***** DATA *****
(* Let $\mathbf t:\mathcal D\to\mathcal T$ be a refinement system and $c:A\to B$ in $\mathcal T$. For presheaves $\psi$ on $B^{-}$, $\rho$ on $B^{+}$, and $\sigma$ on $A^{-}$: (a) $(c^{+})^*({}^{\perp_B}\psi)\cong{}^{\perp_A}\big((c^{-})_!\psi\big)$ as presheaves on $A^{+}$; (b) there is a natural transformation $(c^{-})_!(\rho^{\perp_B})\Rightarrow\big((c^{+})^*\rho\big)^{\perp_A}$ of presheaves on $A^{-}$; (c) there is a natural transformation $(c^{+})_!({}^{\perp_A}\sigma)\Rightarrow{}^{\perp_B}\big((c^{-})^*\sigma\big)$ of presheaves on $B^{+}$.
   Context: A refinement system is a functor $\mathbf{t}:\mathcal{D}\to\mathcal{T}$; composition is diagrammatic. Write $P\sqsubset A$ if $\mathbf t(P)=A$; a derivation of $P\Rightarrow_cQ$ is a morphism $\alpha:P\to Q$ with $\mathbf t(\alpha)=c$. For $B\in\mathcal T$: $B^{+}$ has objects $(P,c)$, $P\sqsubset X$, $c:X\to B$, morphisms $(P_1,c_1)\to(P_2,c_2)$ the derivations of $P_1\Rightarrow_eP_2$ with $c_1=e;c_2$; $B^{-}$ is the opposite of the category with objects $(d,R)$, $d:B\to Y$, $R\sqsubset Y$, morphisms $(d_1,R_1)\to(d_2,R_2)$ the derivations of $R_1\Rightarrow_eR_2$ with $d_1;e=d_2$. For $c:A\to B$: $c^{+}:A^{+}\to B^{+}$, $(P,e)\mapsto(P,e;c)$, and $c^{-}:B^{-}\to A^{-}$, $(d,R)\mapsto(c;d,R)$, identity on derivations. $\mathrm{Jdg}(\mathbf t)$ has objects $(P,c,R)$ and morphisms $(P_1,c_1,R_1)\to(P_2,c_2,R_2)$ pairs of derivations $\beta$ of $P_1\Rightarrow_eP_2$, $\gamma$ of $R_2\Rightarrow_{e'}R_1$ with $c_1=e;c_2;e'$; $\mathrm{Der}:\mathrm{Jdg}(\mathbf t)^{op}\to\mathbf{Set}$ sends $(P,c,R)$ to the set of derivations of $P\Rightarrow_cR$ and $(\beta,\gamma)$ to $\alpha\mapsto\beta;\alpha;\gamma$. Bracket $\langle-\mid-\rangle_B:B^{+}\times B^{-}\to\mathrm{Jdg}(\mathbf t)$: $((P,c),(d,R))\mapsto(P,c;d,R)$, $(\beta,\gamma)\mapsto(\beta,\gamma)$. Duals with respect to $B$: for $\phi$ on $B^{+}$, $\phi^{\perp_B}(y)=$ the set of natural transformations $\phi\Rightarrow\mathrm{Der}(\langle-\mid y\rangle_B)$ (a presheaf on $B^{-}$); for $\psi$ on $B^{-}$, ${}^{\perp_B}\psi(x)=$ the set of natural transformations $\psi\Rightarrow\mathrm{Der}(\langle x\mid-\rangle_B)$ (a presheaf on $B^{+}$); similarly for $A$. For a functor $F:\mathcal X\to\mathcal Y$: $F^*\psi=\psi\circ F^{op}$ and $F_!\chi(y)=\int^{x}\mathcal Y(y,Fx)\times\chi(x)$. *)

From Stdlib Require Import ProofIrrelevance Relations.Relation_Operators.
*****
TASK PROMPT:
The output must reproduce the whole listing without a single change.

WRITTEN SOLUTION:
(* Let $\mathbf t:\mathcal D\to\mathcal T$ be a refinement system and $c:A\to B$ in $\mathcal T$. For presheaves $\psi$ on $B^{-}$, $\rho$ on $B^{+}$, and $\sigma$ on $A^{-}$: (a) $(c^{+})^*({}^{\perp_B}\psi)\cong{}^{\perp_A}\big((c^{-})_!\psi\big)$ as presheaves on $A^{+}$; (b) there is a natural transformation $(c^{-})_!(\rho^{\perp_B})\Rightarrow\big((c^{+})^*\rho\big)^{\perp_A}$ of presheaves on $A^{-}$; (c) there is a natural transformation $(c^{+})_!({}^{\perp_A}\sigma)\Rightarrow{}^{\perp_B}\big((c^{-})^*\sigma\big)$ of presheaves on $B^{+}$.
   Context: A refinement system is a functor $\mathbf{t}:\mathcal{D}\to\mathcal{T}$; composition is diagrammatic. Write $P\sqsubset A$ if $\mathbf t(P)=A$; a derivation of $P\Rightarrow_cQ$ is a morphism $\alpha:P\to Q$ with $\mathbf t(\alpha)=c$. For $B\in\mathcal T$: $B^{+}$ has objects $(P,c)$, $P\sqsubset X$, $c:X\to B$, morphisms $(P_1,c_1)\to(P_2,c_2)$ the derivations of $P_1\Rightarrow_eP_2$ with $c_1=e;c_2$; $B^{-}$ is the opposite of the category with objects $(d,R)$, $d:B\to Y$, $R\sqsubset Y$, morphisms $(d_1,R_1)\to(d_2,R_2)$ the derivations of $R_1\Rightarrow_eR_2$ with $d_1;e=d_2$. For $c:A\to B$: $c^{+}:A^{+}\to B^{+}$, $(P,e)\mapsto(P,e;c)$, and $c^{-}:B^{-}\to A^{-}$, $(d,R)\mapsto(c;d,R)$, identity on derivations. $\mathrm{Jdg}(\mathbf t)$ has objects $(P,c,R)$ and morphisms $(P_1,c_1,R_1)\to(P_2,c_2,R_2)$ pairs of derivations $\beta$ of $P_1\Rightarrow_eP_2$, $\gamma$ of $R_2\Rightarrow_{e'}R_1$ with $c_1=e;c_2;e'$; $\mathrm{Der}:\mathrm{Jdg}(\mathbf t)^{op}\to\mathbf{Set}$ sends $(P,c,R)$ to the set of derivations of $P\Rightarrow_cR$ and $(\beta,\gamma)$ to $\alpha\mapsto\beta;\alpha;\gamma$. Bracket $\langle-\mid-\rangle_B:B^{+}\times B^{-}\to\mathrm{Jdg}(\mathbf t)$: $((P,c),(d,R))\mapsto(P,c;d,R)$, $(\beta,\gamma)\mapsto(\beta,\gamma)$. Duals with respect to $B$: for $\phi$ on $B^{+}$, $\phi^{\perp_B}(y)=$ the set of natural transformations $\phi\Rightarrow\mathrm{Der}(\langle-\mid y\rangle_B)$ (a presheaf on $B^{-}$); for $\psi$ on $B^{-}$, ${}^{\perp_B}\psi(x)=$ the set of natural transformations $\psi\Rightarrow\mathrm{Der}(\langle x\mid-\rangle_B)$ (a presheaf on $B^{+}$); similarly for $A$. For a functor $F:\mathcal X\to\mathcal Y$: $F^*\psi=\psi\circ F^{op}$ and $F_!\chi(y)=\int^{x}\mathcal Y(y,Fx)\times\chi(x)$. *)

From Stdlib Require Import ProofIrrelevance Relations.Relation_Operators.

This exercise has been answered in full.